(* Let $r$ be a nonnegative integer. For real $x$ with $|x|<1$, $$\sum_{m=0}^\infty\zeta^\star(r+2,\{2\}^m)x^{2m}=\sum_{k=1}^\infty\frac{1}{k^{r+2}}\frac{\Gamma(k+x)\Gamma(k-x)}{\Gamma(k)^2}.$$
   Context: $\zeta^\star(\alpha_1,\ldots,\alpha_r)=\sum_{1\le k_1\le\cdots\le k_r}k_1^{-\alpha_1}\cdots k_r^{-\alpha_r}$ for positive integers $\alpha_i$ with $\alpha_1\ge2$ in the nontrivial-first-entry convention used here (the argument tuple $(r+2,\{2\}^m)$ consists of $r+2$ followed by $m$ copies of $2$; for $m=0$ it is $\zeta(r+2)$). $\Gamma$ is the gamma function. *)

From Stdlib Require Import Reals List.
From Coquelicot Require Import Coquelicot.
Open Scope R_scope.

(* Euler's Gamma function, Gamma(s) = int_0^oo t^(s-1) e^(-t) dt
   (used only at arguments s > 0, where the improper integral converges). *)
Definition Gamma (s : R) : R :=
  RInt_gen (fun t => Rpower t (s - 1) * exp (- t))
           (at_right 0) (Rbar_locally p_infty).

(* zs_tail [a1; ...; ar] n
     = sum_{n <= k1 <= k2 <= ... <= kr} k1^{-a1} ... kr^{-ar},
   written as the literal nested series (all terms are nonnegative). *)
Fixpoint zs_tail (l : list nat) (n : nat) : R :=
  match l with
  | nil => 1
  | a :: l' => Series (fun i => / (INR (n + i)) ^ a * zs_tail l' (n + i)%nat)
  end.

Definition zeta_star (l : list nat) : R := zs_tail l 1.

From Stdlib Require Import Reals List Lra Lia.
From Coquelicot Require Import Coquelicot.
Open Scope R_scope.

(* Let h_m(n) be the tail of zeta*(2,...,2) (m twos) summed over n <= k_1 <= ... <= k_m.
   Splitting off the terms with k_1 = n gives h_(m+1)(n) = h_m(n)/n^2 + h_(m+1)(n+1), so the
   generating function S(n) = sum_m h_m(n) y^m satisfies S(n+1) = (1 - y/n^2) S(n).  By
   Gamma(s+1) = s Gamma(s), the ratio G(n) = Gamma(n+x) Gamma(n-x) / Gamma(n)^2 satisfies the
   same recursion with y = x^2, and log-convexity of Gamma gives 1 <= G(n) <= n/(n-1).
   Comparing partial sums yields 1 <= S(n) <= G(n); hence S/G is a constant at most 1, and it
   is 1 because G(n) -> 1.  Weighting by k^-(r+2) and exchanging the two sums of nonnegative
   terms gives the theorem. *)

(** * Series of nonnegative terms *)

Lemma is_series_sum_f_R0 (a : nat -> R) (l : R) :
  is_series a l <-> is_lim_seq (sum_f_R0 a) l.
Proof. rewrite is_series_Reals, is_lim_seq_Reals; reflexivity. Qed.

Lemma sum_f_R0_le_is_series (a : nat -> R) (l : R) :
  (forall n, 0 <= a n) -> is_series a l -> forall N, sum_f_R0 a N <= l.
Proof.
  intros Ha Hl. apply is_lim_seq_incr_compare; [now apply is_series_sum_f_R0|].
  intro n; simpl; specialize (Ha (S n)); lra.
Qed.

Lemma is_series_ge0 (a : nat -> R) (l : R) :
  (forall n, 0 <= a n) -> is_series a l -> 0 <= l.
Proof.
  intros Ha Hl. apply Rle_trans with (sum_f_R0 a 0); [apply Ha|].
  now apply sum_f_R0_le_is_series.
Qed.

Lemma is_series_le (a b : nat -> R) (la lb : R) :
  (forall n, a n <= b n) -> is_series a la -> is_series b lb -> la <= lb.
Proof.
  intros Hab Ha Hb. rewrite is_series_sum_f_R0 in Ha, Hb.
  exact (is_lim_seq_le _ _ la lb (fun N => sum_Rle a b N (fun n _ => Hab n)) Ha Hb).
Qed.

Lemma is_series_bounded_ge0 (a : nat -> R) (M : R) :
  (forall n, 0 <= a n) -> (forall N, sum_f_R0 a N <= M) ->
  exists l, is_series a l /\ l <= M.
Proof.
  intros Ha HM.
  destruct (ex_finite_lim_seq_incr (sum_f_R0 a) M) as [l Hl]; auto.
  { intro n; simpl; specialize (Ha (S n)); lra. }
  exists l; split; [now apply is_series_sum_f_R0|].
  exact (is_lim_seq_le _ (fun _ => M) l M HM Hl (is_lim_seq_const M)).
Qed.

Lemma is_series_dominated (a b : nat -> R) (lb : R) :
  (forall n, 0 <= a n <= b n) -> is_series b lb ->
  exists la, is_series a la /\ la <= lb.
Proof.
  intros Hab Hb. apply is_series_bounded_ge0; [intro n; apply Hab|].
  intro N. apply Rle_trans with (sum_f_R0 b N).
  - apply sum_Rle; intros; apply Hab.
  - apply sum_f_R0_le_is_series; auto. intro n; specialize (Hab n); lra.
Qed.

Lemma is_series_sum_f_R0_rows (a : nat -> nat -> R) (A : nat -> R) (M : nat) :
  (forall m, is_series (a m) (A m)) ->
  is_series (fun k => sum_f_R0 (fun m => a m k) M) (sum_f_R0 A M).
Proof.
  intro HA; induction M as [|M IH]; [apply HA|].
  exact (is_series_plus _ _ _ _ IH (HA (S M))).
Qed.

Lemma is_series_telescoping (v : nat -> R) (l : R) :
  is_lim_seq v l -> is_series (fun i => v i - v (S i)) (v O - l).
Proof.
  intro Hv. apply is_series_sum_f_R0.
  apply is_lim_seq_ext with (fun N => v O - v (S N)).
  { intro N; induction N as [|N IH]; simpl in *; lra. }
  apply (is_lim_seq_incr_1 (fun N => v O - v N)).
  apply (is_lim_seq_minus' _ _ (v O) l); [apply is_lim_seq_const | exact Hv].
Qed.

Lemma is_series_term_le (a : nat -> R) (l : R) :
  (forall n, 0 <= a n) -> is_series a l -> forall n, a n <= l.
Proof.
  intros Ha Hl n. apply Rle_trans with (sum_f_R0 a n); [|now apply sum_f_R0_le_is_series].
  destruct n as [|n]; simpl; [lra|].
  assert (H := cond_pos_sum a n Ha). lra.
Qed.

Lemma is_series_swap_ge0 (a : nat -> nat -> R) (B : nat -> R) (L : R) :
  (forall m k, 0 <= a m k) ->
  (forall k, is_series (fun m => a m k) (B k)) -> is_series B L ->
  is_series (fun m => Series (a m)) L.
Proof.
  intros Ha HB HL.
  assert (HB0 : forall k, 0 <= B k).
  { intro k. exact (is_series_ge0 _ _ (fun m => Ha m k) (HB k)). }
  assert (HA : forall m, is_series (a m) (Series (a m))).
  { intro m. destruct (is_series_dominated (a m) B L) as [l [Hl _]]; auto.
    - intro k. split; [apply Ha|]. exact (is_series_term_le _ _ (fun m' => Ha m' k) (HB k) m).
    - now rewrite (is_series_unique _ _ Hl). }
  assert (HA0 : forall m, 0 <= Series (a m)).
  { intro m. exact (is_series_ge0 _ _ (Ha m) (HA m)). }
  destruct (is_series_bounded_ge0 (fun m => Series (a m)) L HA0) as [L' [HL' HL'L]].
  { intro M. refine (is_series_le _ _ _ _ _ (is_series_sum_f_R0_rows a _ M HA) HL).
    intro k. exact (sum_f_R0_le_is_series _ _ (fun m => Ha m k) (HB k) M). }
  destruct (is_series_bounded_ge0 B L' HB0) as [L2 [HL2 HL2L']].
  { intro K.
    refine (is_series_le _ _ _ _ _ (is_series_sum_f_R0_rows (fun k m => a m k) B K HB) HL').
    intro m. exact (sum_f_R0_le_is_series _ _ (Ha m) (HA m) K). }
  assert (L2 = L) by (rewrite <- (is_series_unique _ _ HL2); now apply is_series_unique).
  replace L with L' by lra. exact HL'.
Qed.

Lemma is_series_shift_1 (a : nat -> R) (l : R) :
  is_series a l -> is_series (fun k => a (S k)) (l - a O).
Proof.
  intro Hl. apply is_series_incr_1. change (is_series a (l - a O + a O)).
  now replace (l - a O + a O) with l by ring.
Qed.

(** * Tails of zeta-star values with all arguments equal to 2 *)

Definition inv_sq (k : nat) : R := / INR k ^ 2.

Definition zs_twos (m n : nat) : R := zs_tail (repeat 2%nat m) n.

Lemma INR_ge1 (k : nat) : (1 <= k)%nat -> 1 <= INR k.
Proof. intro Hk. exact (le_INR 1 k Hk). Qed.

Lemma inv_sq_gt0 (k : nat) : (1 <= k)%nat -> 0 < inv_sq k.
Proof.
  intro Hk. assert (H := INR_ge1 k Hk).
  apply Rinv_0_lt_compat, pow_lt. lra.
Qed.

Exercise directions -
Go through the records and pull out each line that includes the word "specialize".

Answer to this task -
  intro n; simpl; specialize (Ha (S n)); lra.
  { intro n; simpl; specialize (Ha (S n)); lra. }
  - apply sum_f_R0_le_is_series; auto. intro n; specialize (Hab n); lra.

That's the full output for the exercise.